■ DESCRIPTION OF THE TASK ■
Copy each line of the records that contains the word "continuousD".

■ DATA SHOWN ■
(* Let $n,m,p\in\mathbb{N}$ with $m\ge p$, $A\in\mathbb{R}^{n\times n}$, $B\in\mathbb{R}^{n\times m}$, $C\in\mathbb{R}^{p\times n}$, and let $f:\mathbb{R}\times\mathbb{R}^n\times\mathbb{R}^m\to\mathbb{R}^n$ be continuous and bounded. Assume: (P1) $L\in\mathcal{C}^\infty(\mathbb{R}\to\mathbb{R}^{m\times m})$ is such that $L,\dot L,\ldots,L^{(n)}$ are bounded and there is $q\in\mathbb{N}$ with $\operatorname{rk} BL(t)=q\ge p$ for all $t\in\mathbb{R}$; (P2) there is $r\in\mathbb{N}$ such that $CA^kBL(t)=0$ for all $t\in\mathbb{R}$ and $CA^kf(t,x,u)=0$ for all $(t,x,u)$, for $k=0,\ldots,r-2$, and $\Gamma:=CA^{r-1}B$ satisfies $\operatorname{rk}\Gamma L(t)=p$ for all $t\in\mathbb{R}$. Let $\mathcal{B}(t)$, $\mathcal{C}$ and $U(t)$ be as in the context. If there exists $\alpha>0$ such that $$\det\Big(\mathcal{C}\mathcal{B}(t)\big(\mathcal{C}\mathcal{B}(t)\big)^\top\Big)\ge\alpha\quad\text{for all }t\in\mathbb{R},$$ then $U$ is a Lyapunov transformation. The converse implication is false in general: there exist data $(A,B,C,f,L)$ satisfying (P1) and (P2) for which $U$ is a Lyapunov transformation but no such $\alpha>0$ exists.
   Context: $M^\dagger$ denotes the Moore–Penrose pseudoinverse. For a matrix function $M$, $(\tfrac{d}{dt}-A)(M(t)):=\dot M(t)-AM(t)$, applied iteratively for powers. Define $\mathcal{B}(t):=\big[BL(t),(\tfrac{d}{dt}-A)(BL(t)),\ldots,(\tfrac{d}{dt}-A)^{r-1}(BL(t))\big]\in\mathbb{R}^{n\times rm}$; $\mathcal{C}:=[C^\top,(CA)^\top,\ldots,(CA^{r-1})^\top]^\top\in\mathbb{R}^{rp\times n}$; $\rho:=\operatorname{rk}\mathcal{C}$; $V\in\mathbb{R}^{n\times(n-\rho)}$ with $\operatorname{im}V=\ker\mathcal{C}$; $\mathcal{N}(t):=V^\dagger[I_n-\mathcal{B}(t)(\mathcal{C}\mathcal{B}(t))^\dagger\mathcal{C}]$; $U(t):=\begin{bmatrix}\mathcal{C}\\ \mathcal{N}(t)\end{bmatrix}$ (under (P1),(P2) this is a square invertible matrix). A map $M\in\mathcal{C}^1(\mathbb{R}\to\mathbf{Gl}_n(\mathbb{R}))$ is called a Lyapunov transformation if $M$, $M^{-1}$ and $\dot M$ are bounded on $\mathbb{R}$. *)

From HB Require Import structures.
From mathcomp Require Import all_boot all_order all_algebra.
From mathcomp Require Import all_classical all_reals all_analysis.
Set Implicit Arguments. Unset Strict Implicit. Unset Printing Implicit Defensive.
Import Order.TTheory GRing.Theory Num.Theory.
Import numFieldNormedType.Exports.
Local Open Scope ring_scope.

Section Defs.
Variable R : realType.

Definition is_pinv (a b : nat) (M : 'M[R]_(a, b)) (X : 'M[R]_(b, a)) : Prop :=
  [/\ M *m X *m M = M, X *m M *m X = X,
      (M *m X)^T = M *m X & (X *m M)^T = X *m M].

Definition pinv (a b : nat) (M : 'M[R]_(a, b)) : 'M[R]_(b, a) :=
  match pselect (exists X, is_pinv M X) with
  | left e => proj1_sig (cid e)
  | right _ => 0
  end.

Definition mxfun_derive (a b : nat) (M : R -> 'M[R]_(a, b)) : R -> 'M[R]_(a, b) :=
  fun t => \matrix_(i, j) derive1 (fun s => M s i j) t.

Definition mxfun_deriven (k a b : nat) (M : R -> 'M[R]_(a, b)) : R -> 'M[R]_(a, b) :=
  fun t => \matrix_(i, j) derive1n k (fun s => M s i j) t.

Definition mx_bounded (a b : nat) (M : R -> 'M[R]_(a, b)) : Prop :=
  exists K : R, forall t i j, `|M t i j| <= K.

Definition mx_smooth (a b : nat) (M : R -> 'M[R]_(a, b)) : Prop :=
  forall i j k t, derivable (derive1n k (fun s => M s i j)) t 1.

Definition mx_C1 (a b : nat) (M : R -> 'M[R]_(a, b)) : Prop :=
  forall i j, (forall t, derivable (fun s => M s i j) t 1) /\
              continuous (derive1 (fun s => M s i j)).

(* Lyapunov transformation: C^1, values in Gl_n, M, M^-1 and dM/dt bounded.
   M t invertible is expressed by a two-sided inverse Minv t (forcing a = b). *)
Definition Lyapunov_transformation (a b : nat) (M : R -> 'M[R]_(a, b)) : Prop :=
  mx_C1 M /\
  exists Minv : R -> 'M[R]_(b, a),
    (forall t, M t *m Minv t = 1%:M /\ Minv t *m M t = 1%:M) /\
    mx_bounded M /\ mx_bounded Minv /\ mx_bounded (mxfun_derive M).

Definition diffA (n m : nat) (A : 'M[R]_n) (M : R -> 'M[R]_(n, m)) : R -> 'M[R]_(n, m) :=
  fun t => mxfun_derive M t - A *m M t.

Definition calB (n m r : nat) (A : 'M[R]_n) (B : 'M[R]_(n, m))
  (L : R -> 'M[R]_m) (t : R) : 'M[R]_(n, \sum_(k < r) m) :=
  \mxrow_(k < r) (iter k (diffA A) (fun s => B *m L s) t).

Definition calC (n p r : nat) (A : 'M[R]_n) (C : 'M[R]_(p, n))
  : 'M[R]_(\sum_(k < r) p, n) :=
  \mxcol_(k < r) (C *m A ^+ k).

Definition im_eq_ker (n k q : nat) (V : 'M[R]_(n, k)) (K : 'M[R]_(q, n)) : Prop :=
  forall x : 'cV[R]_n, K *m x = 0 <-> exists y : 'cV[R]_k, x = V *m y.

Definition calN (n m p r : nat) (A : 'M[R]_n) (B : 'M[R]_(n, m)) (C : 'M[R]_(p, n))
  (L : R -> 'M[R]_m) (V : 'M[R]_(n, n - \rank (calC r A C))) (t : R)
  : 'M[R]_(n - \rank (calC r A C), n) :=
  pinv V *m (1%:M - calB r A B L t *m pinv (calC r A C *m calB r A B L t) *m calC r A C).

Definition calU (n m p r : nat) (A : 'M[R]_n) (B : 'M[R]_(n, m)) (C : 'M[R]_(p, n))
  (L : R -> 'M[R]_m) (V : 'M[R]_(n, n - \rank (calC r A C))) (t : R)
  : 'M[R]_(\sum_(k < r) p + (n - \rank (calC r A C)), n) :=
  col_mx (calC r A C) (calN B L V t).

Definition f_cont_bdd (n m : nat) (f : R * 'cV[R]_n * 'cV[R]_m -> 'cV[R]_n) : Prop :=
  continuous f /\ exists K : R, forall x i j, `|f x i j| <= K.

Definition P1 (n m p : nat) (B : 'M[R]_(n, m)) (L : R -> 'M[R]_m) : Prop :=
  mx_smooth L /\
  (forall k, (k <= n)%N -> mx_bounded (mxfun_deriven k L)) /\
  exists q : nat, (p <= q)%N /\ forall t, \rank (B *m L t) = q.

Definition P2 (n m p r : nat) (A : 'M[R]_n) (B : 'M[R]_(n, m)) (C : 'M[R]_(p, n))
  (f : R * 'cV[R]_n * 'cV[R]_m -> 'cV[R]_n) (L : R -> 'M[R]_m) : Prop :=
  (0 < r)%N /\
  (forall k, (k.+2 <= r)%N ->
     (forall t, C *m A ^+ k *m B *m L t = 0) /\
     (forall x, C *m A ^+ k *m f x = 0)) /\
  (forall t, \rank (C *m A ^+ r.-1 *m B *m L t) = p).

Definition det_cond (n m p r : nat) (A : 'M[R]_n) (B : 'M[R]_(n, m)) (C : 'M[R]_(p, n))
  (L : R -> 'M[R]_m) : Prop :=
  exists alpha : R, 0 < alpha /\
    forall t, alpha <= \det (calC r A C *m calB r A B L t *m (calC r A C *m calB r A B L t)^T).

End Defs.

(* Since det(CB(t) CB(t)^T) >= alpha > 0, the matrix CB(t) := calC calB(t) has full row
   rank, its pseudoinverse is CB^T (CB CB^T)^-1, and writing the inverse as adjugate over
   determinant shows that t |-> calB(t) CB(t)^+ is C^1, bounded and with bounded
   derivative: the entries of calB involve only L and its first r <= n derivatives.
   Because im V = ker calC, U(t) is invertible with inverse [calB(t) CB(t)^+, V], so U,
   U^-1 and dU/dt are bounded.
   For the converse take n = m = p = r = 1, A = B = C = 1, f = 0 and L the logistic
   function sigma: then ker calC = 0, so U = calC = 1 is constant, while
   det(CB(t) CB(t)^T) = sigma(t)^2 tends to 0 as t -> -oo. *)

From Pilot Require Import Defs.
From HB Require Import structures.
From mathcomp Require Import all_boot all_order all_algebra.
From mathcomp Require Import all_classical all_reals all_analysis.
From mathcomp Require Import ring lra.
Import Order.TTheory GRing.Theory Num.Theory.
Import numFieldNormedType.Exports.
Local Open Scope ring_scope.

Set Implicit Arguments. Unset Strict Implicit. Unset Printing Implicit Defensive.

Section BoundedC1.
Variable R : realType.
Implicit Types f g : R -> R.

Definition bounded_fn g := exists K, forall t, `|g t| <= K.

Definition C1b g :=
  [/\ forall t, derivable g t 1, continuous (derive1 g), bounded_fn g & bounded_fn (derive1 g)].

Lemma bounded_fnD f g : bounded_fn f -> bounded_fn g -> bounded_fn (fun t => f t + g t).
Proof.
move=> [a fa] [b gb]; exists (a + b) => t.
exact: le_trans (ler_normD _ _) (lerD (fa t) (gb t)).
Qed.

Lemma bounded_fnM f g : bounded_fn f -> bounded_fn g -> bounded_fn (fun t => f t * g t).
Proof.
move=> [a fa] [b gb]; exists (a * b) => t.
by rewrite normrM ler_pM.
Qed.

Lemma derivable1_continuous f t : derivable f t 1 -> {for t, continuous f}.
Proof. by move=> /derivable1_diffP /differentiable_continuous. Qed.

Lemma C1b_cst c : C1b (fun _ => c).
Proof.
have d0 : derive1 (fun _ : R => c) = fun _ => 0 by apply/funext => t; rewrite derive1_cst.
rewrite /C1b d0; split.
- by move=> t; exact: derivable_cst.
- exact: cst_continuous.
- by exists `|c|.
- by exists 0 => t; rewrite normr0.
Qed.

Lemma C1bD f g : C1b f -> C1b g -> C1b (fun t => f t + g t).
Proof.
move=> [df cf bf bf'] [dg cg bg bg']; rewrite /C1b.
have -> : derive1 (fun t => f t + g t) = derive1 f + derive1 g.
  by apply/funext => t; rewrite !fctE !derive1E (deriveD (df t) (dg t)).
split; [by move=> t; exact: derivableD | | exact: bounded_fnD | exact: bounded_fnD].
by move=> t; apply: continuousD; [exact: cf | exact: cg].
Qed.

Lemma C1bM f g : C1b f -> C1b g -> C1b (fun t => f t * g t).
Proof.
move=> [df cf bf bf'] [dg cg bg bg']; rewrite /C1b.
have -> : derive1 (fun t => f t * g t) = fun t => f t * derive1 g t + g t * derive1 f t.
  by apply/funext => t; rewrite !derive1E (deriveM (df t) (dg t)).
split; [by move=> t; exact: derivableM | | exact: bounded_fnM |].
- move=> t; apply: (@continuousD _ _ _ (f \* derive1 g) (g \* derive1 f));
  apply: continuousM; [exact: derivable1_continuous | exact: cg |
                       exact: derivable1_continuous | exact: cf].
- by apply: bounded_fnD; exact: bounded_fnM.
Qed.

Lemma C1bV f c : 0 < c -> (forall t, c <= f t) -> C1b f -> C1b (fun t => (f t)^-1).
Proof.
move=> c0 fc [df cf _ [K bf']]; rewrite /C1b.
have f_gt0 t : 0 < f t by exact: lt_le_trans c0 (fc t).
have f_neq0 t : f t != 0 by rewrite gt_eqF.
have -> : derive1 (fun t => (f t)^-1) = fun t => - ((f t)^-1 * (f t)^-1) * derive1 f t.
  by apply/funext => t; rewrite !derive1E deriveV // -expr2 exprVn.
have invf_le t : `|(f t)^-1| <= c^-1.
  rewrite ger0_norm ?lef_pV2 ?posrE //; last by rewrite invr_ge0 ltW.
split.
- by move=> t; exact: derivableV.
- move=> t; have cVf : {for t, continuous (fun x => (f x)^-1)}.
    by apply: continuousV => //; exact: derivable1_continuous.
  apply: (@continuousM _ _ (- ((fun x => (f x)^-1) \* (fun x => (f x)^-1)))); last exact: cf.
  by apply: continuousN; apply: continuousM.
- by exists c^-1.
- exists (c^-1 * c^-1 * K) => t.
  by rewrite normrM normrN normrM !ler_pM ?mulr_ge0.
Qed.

■ REPLY ■
by move=> t; apply: continuousD; [exact: cf | exact: cg].
- move=> t; apply: (@continuousD _ _ _ (f \* derive1 g) (g \* derive1 f));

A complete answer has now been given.